HHS proposes to further delay the effective date of the Final rule which sets the calculation of 340B ceiling prices and the resulting application of civil monetary penalties (CMPs) for violations of the ceiling prices. HHS proposes delaying Final rule’s effective date from July 1, 2018, to July 1, 2019, to allow a more deliberate process of considering alternative and supplementary regulatory provisions and to permit sufficient time for further rulemaking (Proposed rule, 83 FR 20008, May 7, 2018).
HHS published a notice of proposed rulemaking (NPRM) in 2015 to implement civil monetary penalties for manufacturers knowingly and intentionally charging a covered entity in excess of the ceiling price for a covered outpatient drug. The NPRM was intended to clarify the requirement that manufacturers calculate the 340B ceiling price on a quarterly basis and to set forth the requirement that a manufacturer charge $.01 (penny pricing) for each unit of a drug when the ceiling price calculation equals zero.
After reviewing the initial comments, HHS reopened the comment period to solicit additional comments on the following areas of the NPRM: 340B penny pricing - ceiling price calculations that result in a ceiling price that equals zero; the methodology used by manufacturers when estimating the ceiling price for a new covered outpatient drug; and the definition of the "knowing and intentional" standard used when assessing a CMP for overcharging manufacturers (see 340B gets teeth with CMPs, January 5, 2017).
Effective date delay. HHS did not believe that the proposed delay in the effective date would adversely affect any of the stakeholders in a significant way. Other more significant remedies were available to entities that believed they were not provided the full discount that they were entitled to receive under the program. Furthermore, the proposed delay was anticipated to allow more full consideration of the substantial issues of fact, law, and policy identified during review of the rule. The proposed delay would also save the healthcare sector compliance costs.
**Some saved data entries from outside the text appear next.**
Lemma consecutive_zeros d lam u n : eigen_eq d lam u ->
  u n = C0 -> u (n + 1)%Z = C0 -> forall k, u k = C0.
Proof.
  intros E H0 H1 k. destruct (Z_le_dec n k) as [Hk|Hk].
  - exact (zeros_propagate_right d lam u n E H0 H1 k Hk).
  - assert (Hr := zeros_propagate_right _ _ _ (- n - 1) (eigen_reflect d lam u E)).
    cbv beta in Hr.
    replace (- (- n - 1))%Z with (n + 1)%Z in Hr by lia.
    replace (- (- n - 1 + 1))%Z with n in Hr by lia.
    specialize (Hr H1 H0 (- k)%Z ltac:(lia)). now rewrite Z.opp_involutive in Hr.
Qed.

Lemma eigvec_one_of_two d lam u n : eigen_eq d lam u -> (exists m, u m <> C0) ->
  u n <> C0 \/ u (n + 1)%Z <> C0.
Proof.
  intros E [m Hm]. apply NNPP. intros H. apply Hm.
  apply (consecutive_zeros d lam u n E); apply NNPP; intro; apply H; auto.
Qed.

Lemma period2_symmetric_terms (f : Z -> R) : (forall k, f (k + 2)%Z = f k) ->
  forall j : nat, f (Z.of_nat j) + f (- Z.of_nat j - 1)%Z = f 0%Z + f 1%Z.
Proof.
  intros Hper.
  assert (Hshift : forall (i : nat) a, f (a + 2 * Z.of_nat i)%Z = f a).
  { induction i as [|i IH]; intro a.
    - now rewrite Z.mul_0_r, Z.add_0_r.
    - replace (a + 2 * Z.of_nat (S i))%Z with (a + 2 * Z.of_nat i + 2)%Z by lia.
      now rewrite Hper. }
  intro j. replace (f (- Z.of_nat j - 1)%Z) with (f (Z.of_nat j + 1)%Z).
  2:{ rewrite <- (Hshift (S j) (- Z.of_nat j - 1)%Z). f_equal. lia. }
  induction j as [|j IH]; [reflexivity|].
  rewrite <- IH, Nat2Z.inj_succ, <- Z.add_1_r.
  replace (Z.of_nat j + 1 + 1)%Z with (Z.of_nat j + 2)%Z by lia. rewrite Hper. ring.
Qed.

(* If an eigenvector never has two consecutive non-zero entries, then
   [u (k+2) = - u k] wherever [u (k+1) = 0], so [|u|^2] has period 2. *)
Lemma sparse_eigvec_period2 d lam u : eigen_eq d lam u ->
  (forall n, u n = C0 \/ u (n + 1)%Z = C0) ->
  forall k, Cnorm2 (u (k + 2)%Z) = Cnorm2 (u k).
Proof.
  intros E Hsparse k.
  assert (Hflip : u (k + 1)%Z = C0 -> Cnorm2 (u (k + 2)%Z) = Cnorm2 (u k)).
  { intro h. destruct (eigen_next d lam u (k + 1) (E (k + 1)%Z)) as [er ei].
    replace (k + 1 + 1)%Z with (k + 2)%Z in er, ei by lia.
    replace (k + 1 - 1)%Z with k in er, ei by lia.
    rewrite h in er, ei. simpl in er, ei. unfold Cnorm2. rewrite er, ei. ring. }
  destruct (Hsparse (k + 1)%Z) as [h1|h2]; [exact (Hflip h1)|].
  destruct (Hsparse k) as [h0|h1]; [|exact (Hflip h1)].
  replace (k + 2)%Z with (k + 1 + 1)%Z by lia. now rewrite h0, h2.
Qed.

(* A square-summable non-zero eigenvector has two consecutive non-zero
   entries: otherwise the symmetric terms of the series [sum |u k|^2] would
   be a non-zero constant. *)
Lemma eigvec_consecutive_nonzero d lam u : in_l2 u -> eigen_eq d lam u ->
  (exists m, u m <> C0) -> exists n, u n <> C0 /\ u (n + 1)%Z <> C0.
Proof.
  intros [S HS] E [m Hm]. apply NNPP. intro Hnot.
  assert (Hsparse : forall n, u n = C0 \/ u (n + 1)%Z = C0).
  { intro n. apply NNPP. intro H. apply Hnot. exists n.
    split; intro; apply H; auto. }
  set (f := fun k => Cnorm2 (u k)) in HS.
  assert (Hterms := period2_symmetric_terms f (sparse_eigvec_period2 d lam u E Hsparse)).
  assert (Hzero := Zsum_constant_terms f S _ HS Hterms).
  assert (Hf : forall k, 0 <= f k) by (intro; apply Cnorm2_nonneg).
  apply Hm, Cnorm2_eq0. fold (f m).
  destruct (Z_le_dec 0 m).
  - specialize (Hterms (Z.to_nat m)). rewrite Z2Nat.id in Hterms by lia.
    generalize (Hf m) (Hf (- m - 1)%Z). lra.
  - specialize (Hterms (Z.to_nat (- m - 1))). rewrite Z2Nat.id in Hterms by lia.
    replace (- (- m - 1) - 1)%Z with m in Hterms by lia.
    generalize (Hf m) (Hf (- m - 1)%Z). lra.
Qed.

Lemma Jop_Csmul d c u k : Jop d (fun j => Csmul c (u j)) k = Csmul c (Jop d u k).
Proof. unfold Jop, Csmul. apply Cpx_eq; simpl; ring. Qed.

Lemma inv_sqrt_sq N : 0 < N -> / sqrt N * / sqrt N = / N.
Proof. intro HN. rewrite <- Rinv_mult, sqrt_sqrt by lra. reflexivity. Qed.

Lemma unit_l2_normalize y N : Zsum (fun k => Cnorm2 (y k)) N -> 0 < N ->
  unit_l2 (fun k => Csmul (/ sqrt N) (y k)).
Proof.
  intros Hy HN. unfold unit_l2.
  replace 1 with (/ sqrt N * / sqrt N * N) by (rewrite inv_sqrt_sq by lra; field; lra).
  eapply Zsum_ext; [|exact (Zsum_scal _ _ _ Hy)].
  intro k. cbv beta. now rewrite Cnorm2_Csmul.
Qed.

Lemma eigvec_normalize d lam u n : in_l2 u -> eigen_eq d lam u -> u n <> C0 ->
  exists v, unit_l2 v /\ eigen_eq d lam v /\ v n <> C0.
Proof.
  intros [S HS] E Hn.
  assert (HSpos : 0 < S).
  { apply Rlt_le_trans with (Cnorm2 (u n)); [exact (Cnorm2_pos _ Hn)|].
    apply (Zsum_term_le (fun k => Cnorm2 (u k))); [intro; apply Cnorm2_nonneg | exact HS]. }
  exists (fun k => Csmul (/ sqrt S) (u k)). split; [|split].
  - exact (unit_l2_normalize u S HS HSpos).
  - intro k. rewrite Jop_Csmul, E. apply Cpx_eq; simpl; ring.
  - intro h. apply Hn, Cnorm2_eq0. apply (f_equal Cnorm2) in h.
    rewrite Cnorm2_Csmul, inv_sqrt_sq in h by lra.
    unfold C0, Cnorm2 at 2 in h. simpl in h.
    apply Rmult_eq_reg_l with (/ S); [lra | apply Rinv_neq_0_compat; lra].
Qed.

Lemma numrange_rayleigh d y N w :
  Zsum (fun k => Cnorm2 (y k)) N -> 0 < N -> inner_is (Jop d y) y (Csmul N w) ->
  NumRange d w.
Proof.
  intros Hy HN [Hre Him]. set (c := / sqrt N).
  assert (Hc : c * c = / N) by exact (inv_sqrt_sq N HN).
  exists (fun k => Csmul c (y k)). split; [exact (unit_l2_normalize y N Hy HN)|].
  split.
  - replace (Re w) with (c * c * Re (Csmul N w)) by (simpl; rewrite Hc; field; lra).
    eapply Zsum_ext; [|exact (Zsum_scal _ _ _ Hre)].
    intro k. cbv beta. rewrite Jop_Csmul. unfold Csmul, Cmul, Cconj. simpl. ring.
  - replace (Im w) with (c * c * Im (Csmul N w)) by (simpl; rewrite Hc; field; lra).
    eapply Zsum_ext; [|exact (Zsum_scal _ _ _ Him)].
    intro k. cbv beta. rewrite Jop_Csmul. unfold Csmul, Cmul, Cconj. simpl. ring.
Qed.

Lemma Jop_lincomb d a b u v k :
  Jop d (fun j => Cadd (Cmul a (u j)) (Cmul b (v j))) k =
  Cadd (Cmul a (Jop d u k)) (Cmul b (Jop d v k)).
Proof. unfold Jop. apply Cpx_eq; simpl; ring. Qed.

Definition unitvec (n k : Z) : Cpx := if Z.eq_dec k n then C1 else C0.

(* The local perturbation [y = al u + t e_n] of [u], where the coefficient
   [al = 1 - t conj (u n)] makes [||y||^2 = 1 + |t|^2 (1 - |u n|^2)]. *)
Definition bump_coef (t un : Cpx) : Cpx := Csub C1 (Cmul t (Cconj un)).

Definition bump (u : Z -> Cpx) (n : Z) (t : Cpx) : Z -> Cpx :=
  fun k => Cadd (Cmul (bump_coef t (u n)) (u k)) (Cmul t (unitvec n k)).

Lemma Jop_bump d lam u n t k : eigen_eq d lam u ->
  Jop d (bump u n t) k =
  Cadd (Cmul (bump_coef t (u n)) (Cmul lam (u k))) (Cmul t (Jop d (unitvec n) k)).
Proof. intro E. unfold bump. now rewrite Jop_lincomb, E. Qed.

Lemma bump_off u n t k : k <> n -> bump u n t k = Cmul (bump_coef t (u n)) (u k).
Proof.
  intro ne. unfold bump, unitvec. destruct (Z.eq_dec k n); [contradiction|].
  apply Cpx_eq; simpl; ring.
Qed.

Lemma Jop_bump_off d lam u n t k : eigen_eq d lam u ->
  k <> (n - 1)%Z -> k <> n -> k <> (n + 1)%Z ->
  Jop d (bump u n t) k = Cmul (bump_coef t (u n)) (Cmul lam (u k)).
Proof.
  intros E h1 h2 h3. rewrite (Jop_bump d lam u n t k E).
  unfold Jop, unitvec.
  destruct (Z.eq_dec (k - 1) n), (Z.eq_dec k n), (Z.eq_dec (k + 1) n); try lia.
  apply Cpx_eq; simpl; ring.
Qed.

Lemma ZsumC_window f g l m :
  ZsumC f l -> (forall k, k <> (m - 1)%Z -> k <> m -> k <> (m + 1)%Z -> g k = f k) ->
  ZsumC g (Cadd (Cadd (Cadd l (Csub (g (m - 1)%Z) (f (m - 1)%Z)))
                      (Csub (g m) (f m))) (Csub (g (m + 1)%Z) (f (m + 1)%Z))).
Proof.
  intros [Hre Him] E. split.
  - apply (Zsum_window (fun k => Re (f k)) (fun k => Re (g k)) _ m Hre).
    intros k h1 h2 h3. now rewrite E.
  - apply (Zsum_window (fun k => Im (f k)) (fun k => Im (g k)) _ m Him).
    intros k h1 h2 h3. now rewrite E.
Qed.

Lemma ZsumC_val f l l' : ZsumC f l -> l = l' -> ZsumC f l'.
Proof. now intros H <-. Qed.

Lemma bump_norm u n t : unit_l2 u ->
  Zsum (fun k => Cnorm2 (bump u n t k)) (1 + Cnorm2 t * (1 - Cnorm2 (u n))).
Proof.
  intro Hu. set (al := bump_coef t (u n)).
  assert (H := Zsum_update (fun k => Cnorm2 al * Cnorm2 (u k)) (fun k => Cnorm2 (bump u n t k))
                 _ n (Zsum_scal _ _ (Cnorm2 al) Hu)).
  cbv beta in H. replace (1 + Cnorm2 t * (1 - Cnorm2 (u n))) with
    (Cnorm2 al * 1 + (Cnorm2 (bump u n t n) - Cnorm2 al * Cnorm2 (u n))).
  - apply H. intros k ne. rewrite (bump_off u n t k ne). unfold Cnorm2. simpl. ring.
  - unfold al, bump, bump_coef, unitvec. destruct (Z.eq_dec n n); [|contradiction].
    unfold Cnorm2. simpl. ring.
Qed.

(* With [delta = Im (d n) - Im lam], the numerator [<J y, y>] of the Rayleigh
   quotient of the perturbation is [lam ||y||^2 + t a + |t|^2 c], where
   [a = 2 i delta conj (u n)] is [pert_lin] and [c] is [pert_quad]. *)
Definition pert_lin (dn lam un : Cpx) : Cpx :=
  mkC (2 * (Im dn - Im lam) * Im un) (2 * (Im dn - Im lam) * Re un).

Definition pert_quad (dn lam un : Cpx) : Cpx :=
  mkC (Re dn - Re lam) ((Im dn - Im lam) * (1 - 2 * Cnorm2 un)).

Lemma bump_inner d lam u n t : unit_l2 u -> eigen_eq d lam u ->
  inner_is (Jop d (bump u n t)) (bump u n t)
    (Cadd (Cadd (Csmul (1 + Cnorm2 t * (1 - Cnorm2 (u n))) lam)
                (Cmul t (pert_lin (d n) lam (u n))))
          (Csmul (Cnorm2 t) (pert_quad (d n) lam (u n)))).
Proof.
  intros Hu E. set (al := bump_coef t (u n)).
  assert (Hbase : ZsumC (fun k => Csmul (Cnorm2 al * Cnorm2 (u k)) lam) (Csmul (Cnorm2 al) lam)).
  { split; simpl.
    - replace (Cnorm2 al * Re lam) with (Cnorm2 al * Re lam * 1) by ring.
      eapply Zsum_ext; [|exact (Zsum_scal _ _ (Cnorm2 al * Re lam) Hu)].
      intro k. simpl. ring.
    - replace (Cnorm2 al * Im lam) with (Cnorm2 al * Im lam * 1) by ring.
      eapply Zsum_ext; [|exact (Zsum_scal _ _ (Cnorm2 al * Im lam) Hu)].
      intro k. simpl. ring. }
  eapply ZsumC_val.
  - apply (ZsumC_window _ (fun k => Cmul (Jop d (bump u n t) k) (Cconj (bump u n t k)))
             _ n Hbase).
    intros k h1 h2 h3. rewrite (Jop_bump_off d lam u n t k E h1 h2 h3), (bump_off u n t k h2).
    fold al. unfold Cnorm2. apply Cpx_eq; simpl; ring.
  - rewrite !(Jop_bump d lam u n t _ E).
    destruct (eigen_next d lam u n (E n)) as [er ei].
    unfold al, bump, bump_coef, unitvec, Jop.
    repeat (destruct (Z.eq_dec _ _); try (exfalso; lia)).
    apply Cpx_eq; unfold pert_lin, pert_quad, Cnorm2; simpl; rewrite er, ei; ring.
Qed.

Lemma Cmul_solve (a p : Cpx) (rho : R) : 0 < Cnorm2 a -> Cnorm2 p = rho * Cnorm2 a ->
  exists t, Cnorm2 t = rho /\ Cmul t a = p.
Proof.
  intros Ha Hp.
  exists (mkC ((Re p * Re a + Im p * Im a) / Cnorm2 a) ((Im p * Re a - Re p * Im a) / Cnorm2 a)).
  unfold Cnorm2 in *. split.
  - replace rho with ((Re p * Re p + Im p * Im p) / (Re a * Re a + Im a * Im a))
      by (rewrite Hp; field; lra).
    simpl. field. lra.
  - apply Cpx_eq; simpl; field; lra.
Qed.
No impact. As required by Executive Order 12866, HHS determined that the proposed delay would have an economic impact of $100 million or more and, therefore, this NPRM has not been designated as an "economically significant" proposed rule under section 3(f) (1) of the Executive Order 12866. HHS projected that the proposed rule would not have impact on the current reporting and recordkeeping burden on manufacturers under 340B Program.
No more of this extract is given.